▶ _Task directions_
Write the records out once more, exactly as they appear below.

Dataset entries
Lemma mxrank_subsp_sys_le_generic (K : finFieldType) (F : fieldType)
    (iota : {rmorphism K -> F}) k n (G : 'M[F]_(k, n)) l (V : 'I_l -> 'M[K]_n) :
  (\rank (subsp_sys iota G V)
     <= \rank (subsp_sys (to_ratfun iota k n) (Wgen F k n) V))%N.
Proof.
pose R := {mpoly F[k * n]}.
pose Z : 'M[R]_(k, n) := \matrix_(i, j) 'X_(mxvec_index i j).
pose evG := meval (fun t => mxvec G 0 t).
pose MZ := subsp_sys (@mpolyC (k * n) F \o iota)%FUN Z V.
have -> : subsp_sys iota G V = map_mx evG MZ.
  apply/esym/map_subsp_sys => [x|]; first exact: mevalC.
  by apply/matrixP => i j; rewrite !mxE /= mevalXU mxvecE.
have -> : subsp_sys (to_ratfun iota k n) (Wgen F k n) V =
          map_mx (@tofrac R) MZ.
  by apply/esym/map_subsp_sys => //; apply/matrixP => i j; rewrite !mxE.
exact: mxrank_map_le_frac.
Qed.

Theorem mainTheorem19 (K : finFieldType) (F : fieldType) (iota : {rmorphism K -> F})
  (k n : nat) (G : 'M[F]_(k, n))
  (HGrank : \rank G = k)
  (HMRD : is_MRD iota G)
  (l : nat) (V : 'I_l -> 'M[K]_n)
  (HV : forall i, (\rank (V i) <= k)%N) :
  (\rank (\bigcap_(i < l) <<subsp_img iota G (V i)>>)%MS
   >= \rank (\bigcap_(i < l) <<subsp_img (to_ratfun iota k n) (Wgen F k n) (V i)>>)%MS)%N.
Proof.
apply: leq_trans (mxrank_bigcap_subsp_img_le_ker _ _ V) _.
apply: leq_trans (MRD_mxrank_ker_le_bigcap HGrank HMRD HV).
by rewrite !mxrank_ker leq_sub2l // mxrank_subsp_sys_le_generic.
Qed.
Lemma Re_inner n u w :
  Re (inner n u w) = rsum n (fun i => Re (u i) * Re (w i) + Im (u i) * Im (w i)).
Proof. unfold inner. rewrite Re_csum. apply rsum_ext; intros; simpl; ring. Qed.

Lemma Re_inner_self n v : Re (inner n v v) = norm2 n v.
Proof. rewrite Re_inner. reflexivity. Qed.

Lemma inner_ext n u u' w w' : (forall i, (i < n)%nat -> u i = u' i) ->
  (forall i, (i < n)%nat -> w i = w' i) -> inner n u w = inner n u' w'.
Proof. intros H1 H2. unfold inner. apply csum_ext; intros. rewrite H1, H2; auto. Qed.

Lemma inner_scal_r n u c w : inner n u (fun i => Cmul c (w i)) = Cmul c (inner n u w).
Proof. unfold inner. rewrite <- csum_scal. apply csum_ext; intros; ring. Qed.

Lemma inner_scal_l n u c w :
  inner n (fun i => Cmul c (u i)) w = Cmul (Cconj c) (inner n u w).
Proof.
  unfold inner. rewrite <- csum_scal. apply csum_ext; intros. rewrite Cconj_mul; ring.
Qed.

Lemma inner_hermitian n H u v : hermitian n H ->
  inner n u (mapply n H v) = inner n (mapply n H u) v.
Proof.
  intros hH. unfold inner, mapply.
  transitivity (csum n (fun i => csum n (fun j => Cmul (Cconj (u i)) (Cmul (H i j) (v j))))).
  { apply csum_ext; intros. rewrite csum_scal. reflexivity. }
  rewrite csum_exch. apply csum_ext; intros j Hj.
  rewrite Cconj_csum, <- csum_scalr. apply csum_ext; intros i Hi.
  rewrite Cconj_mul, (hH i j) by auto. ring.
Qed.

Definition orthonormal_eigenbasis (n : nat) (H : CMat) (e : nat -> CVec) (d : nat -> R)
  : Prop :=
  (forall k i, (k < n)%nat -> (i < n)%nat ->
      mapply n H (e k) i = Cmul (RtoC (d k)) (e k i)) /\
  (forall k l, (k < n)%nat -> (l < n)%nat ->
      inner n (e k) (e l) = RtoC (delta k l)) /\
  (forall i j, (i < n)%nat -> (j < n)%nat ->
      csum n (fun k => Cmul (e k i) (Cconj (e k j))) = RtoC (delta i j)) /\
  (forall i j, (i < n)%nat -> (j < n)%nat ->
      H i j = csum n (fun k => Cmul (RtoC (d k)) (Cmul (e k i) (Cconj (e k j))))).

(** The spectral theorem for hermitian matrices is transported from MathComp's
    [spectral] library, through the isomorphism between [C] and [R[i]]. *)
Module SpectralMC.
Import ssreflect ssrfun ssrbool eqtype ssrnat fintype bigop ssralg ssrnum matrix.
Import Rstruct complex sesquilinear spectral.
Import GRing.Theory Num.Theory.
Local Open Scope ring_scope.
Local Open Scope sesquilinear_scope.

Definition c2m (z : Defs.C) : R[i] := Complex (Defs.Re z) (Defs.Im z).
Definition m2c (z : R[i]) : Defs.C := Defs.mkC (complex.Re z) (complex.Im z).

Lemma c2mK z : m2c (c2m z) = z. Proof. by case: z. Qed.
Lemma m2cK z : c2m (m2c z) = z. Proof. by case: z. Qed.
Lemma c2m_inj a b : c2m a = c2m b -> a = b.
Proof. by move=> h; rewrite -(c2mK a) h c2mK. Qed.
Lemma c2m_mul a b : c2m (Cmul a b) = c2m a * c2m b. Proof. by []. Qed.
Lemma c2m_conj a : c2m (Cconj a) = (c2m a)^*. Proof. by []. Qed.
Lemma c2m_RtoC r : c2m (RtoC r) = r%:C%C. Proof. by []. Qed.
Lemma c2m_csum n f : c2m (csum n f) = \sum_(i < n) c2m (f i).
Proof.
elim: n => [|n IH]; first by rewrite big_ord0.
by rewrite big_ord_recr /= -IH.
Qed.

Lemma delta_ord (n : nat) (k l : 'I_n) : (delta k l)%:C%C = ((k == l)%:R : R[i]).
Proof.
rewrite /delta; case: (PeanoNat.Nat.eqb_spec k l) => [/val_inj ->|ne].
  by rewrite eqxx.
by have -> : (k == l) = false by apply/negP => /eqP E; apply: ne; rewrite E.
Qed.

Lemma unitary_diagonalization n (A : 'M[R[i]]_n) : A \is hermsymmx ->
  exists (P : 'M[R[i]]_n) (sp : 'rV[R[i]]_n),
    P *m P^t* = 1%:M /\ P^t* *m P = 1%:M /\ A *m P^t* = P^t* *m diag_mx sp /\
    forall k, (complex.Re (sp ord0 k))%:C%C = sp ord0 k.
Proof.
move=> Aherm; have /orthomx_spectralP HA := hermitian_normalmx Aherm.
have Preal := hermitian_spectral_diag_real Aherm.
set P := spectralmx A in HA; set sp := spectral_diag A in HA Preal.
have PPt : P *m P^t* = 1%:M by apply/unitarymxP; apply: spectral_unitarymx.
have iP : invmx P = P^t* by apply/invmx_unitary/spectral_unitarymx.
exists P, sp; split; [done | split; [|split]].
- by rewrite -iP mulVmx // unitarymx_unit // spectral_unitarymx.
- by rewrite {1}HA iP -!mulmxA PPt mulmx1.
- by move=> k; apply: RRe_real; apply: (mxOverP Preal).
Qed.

▶ _Written response_
Lemma mxrank_subsp_sys_le_generic (K : finFieldType) (F : fieldType)
    (iota : {rmorphism K -> F}) k n (G : 'M[F]_(k, n)) l (V : 'I_l -> 'M[K]_n) :
  (\rank (subsp_sys iota G V)
     <= \rank (subsp_sys (to_ratfun iota k n) (Wgen F k n) V))%N.
Proof.
pose R := {mpoly F[k * n]}.
pose Z : 'M[R]_(k, n) := \matrix_(i, j) 'X_(mxvec_index i j).
pose evG := meval (fun t => mxvec G 0 t).
pose MZ := subsp_sys (@mpolyC (k * n) F \o iota)%FUN Z V.
have -> : subsp_sys iota G V = map_mx evG MZ.
  apply/esym/map_subsp_sys => [x|]; first exact: mevalC.
  by apply/matrixP => i j; rewrite !mxE /= mevalXU mxvecE.
have -> : subsp_sys (to_ratfun iota k n) (Wgen F k n) V =
          map_mx (@tofrac R) MZ.
  by apply/esym/map_subsp_sys => //; apply/matrixP => i j; rewrite !mxE.
exact: mxrank_map_le_frac.
Qed.

Theorem mainTheorem19 (K : finFieldType) (F : fieldType) (iota : {rmorphism K -> F})
  (k n : nat) (G : 'M[F]_(k, n))
  (HGrank : \rank G = k)
  (HMRD : is_MRD iota G)
  (l : nat) (V : 'I_l -> 'M[K]_n)
  (HV : forall i, (\rank (V i) <= k)%N) :
  (\rank (\bigcap_(i < l) <<subsp_img iota G (V i)>>)%MS
   >= \rank (\bigcap_(i < l) <<subsp_img (to_ratfun iota k n) (Wgen F k n) (V i)>>)%MS)%N.
Proof.
apply: leq_trans (mxrank_bigcap_subsp_img_le_ker _ _ V) _.
apply: leq_trans (MRD_mxrank_ker_le_bigcap HGrank HMRD HV).
by rewrite !mxrank_ker leq_sub2l // mxrank_subsp_sys_le_generic.
Qed.
Lemma Re_inner n u w :
  Re (inner n u w) = rsum n (fun i => Re (u i) * Re (w i) + Im (u i) * Im (w i)).
Proof. unfold inner. rewrite Re_csum. apply rsum_ext; intros; simpl; ring. Qed.

Lemma Re_inner_self n v : Re (inner n v v) = norm2 n v.
Proof. rewrite Re_inner. reflexivity. Qed.

Lemma inner_ext n u u' w w' : (forall i, (i < n)%nat -> u i = u' i) ->
  (forall i, (i < n)%nat -> w i = w' i) -> inner n u w = inner n u' w'.
Proof. intros H1 H2. unfold inner. apply csum_ext; intros. rewrite H1, H2; auto. Qed.

Lemma inner_scal_r n u c w : inner n u (fun i => Cmul c (w i)) = Cmul c (inner n u w).
Proof. unfold inner. rewrite <- csum_scal. apply csum_ext; intros; ring. Qed.

Lemma inner_scal_l n u c w :
  inner n (fun i => Cmul c (u i)) w = Cmul (Cconj c) (inner n u w).
Proof.
  unfold inner. rewrite <- csum_scal. apply csum_ext; intros. rewrite Cconj_mul; ring.
Qed.

Lemma inner_hermitian n H u v : hermitian n H ->
  inner n u (mapply n H v) = inner n (mapply n H u) v.
Proof.
  intros hH. unfold inner, mapply.
  transitivity (csum n (fun i => csum n (fun j => Cmul (Cconj (u i)) (Cmul (H i j) (v j))))).
  { apply csum_ext; intros. rewrite csum_scal. reflexivity. }
  rewrite csum_exch. apply csum_ext; intros j Hj.
  rewrite Cconj_csum, <- csum_scalr. apply csum_ext; intros i Hi.
  rewrite Cconj_mul, (hH i j) by auto. ring.
Qed.

Definition orthonormal_eigenbasis (n : nat) (H : CMat) (e : nat -> CVec) (d : nat -> R)
  : Prop :=
  (forall k i, (k < n)%nat -> (i < n)%nat ->
      mapply n H (e k) i = Cmul (RtoC (d k)) (e k i)) /\
  (forall k l, (k < n)%nat -> (l < n)%nat ->
      inner n (e k) (e l) = RtoC (delta k l)) /\
  (forall i j, (i < n)%nat -> (j < n)%nat ->
      csum n (fun k => Cmul (e k i) (Cconj (e k j))) = RtoC (delta i j)) /\
  (forall i j, (i < n)%nat -> (j < n)%nat ->
      H i j = csum n (fun k => Cmul (RtoC (d k)) (Cmul (e k i) (Cconj (e k j))))).

(** The spectral theorem for hermitian matrices is transported from MathComp's
    [spectral] library, through the isomorphism between [C] and [R[i]]. *)
Module SpectralMC.
Import ssreflect ssrfun ssrbool eqtype ssrnat fintype bigop ssralg ssrnum matrix.
Import Rstruct complex sesquilinear spectral.
Import GRing.Theory Num.Theory.
Local Open Scope ring_scope.
Local Open Scope sesquilinear_scope.

Definition c2m (z : Defs.C) : R[i] := Complex (Defs.Re z) (Defs.Im z).
Definition m2c (z : R[i]) : Defs.C := Defs.mkC (complex.Re z) (complex.Im z).

Lemma c2mK z : m2c (c2m z) = z. Proof. by case: z. Qed.
Lemma m2cK z : c2m (m2c z) = z. Proof. by case: z. Qed.
Lemma c2m_inj a b : c2m a = c2m b -> a = b.
Proof. by move=> h; rewrite -(c2mK a) h c2mK. Qed.
Lemma c2m_mul a b : c2m (Cmul a b) = c2m a * c2m b. Proof. by []. Qed.
Lemma c2m_conj a : c2m (Cconj a) = (c2m a)^*. Proof. by []. Qed.
Lemma c2m_RtoC r : c2m (RtoC r) = r%:C%C. Proof. by []. Qed.
Lemma c2m_csum n f : c2m (csum n f) = \sum_(i < n) c2m (f i).
Proof.
elim: n => [|n IH]; first by rewrite big_ord0.
by rewrite big_ord_recr /= -IH.
Qed.

Lemma delta_ord (n : nat) (k l : 'I_n) : (delta k l)%:C%C = ((k == l)%:R : R[i]).
Proof.
rewrite /delta; case: (PeanoNat.Nat.eqb_spec k l) => [/val_inj ->|ne].
  by rewrite eqxx.
by have -> : (k == l) = false by apply/negP => /eqP E; apply: ne; rewrite E.
Qed.

Lemma unitary_diagonalization n (A : 'M[R[i]]_n) : A \is hermsymmx ->
  exists (P : 'M[R[i]]_n) (sp : 'rV[R[i]]_n),
    P *m P^t* = 1%:M /\ P^t* *m P = 1%:M /\ A *m P^t* = P^t* *m diag_mx sp /\
    forall k, (complex.Re (sp ord0 k))%:C%C = sp ord0 k.
Proof.
move=> Aherm; have /orthomx_spectralP HA := hermitian_normalmx Aherm.
have Preal := hermitian_spectral_diag_real Aherm.
set P := spectralmx A in HA; set sp := spectral_diag A in HA Preal.
have PPt : P *m P^t* = 1%:M by apply/unitarymxP; apply: spectral_unitarymx.
have iP : invmx P = P^t* by apply/invmx_unitary/spectral_unitarymx.
exists P, sp; split; [done | split; [|split]].
- by rewrite -iP mulVmx // unitarymx_unit // spectral_unitarymx.
- by rewrite {1}HA iP -!mulmxA PPt mulmx1.
- by move=> k; apply: RRe_real; apply: (mxOverP Preal).
Qed.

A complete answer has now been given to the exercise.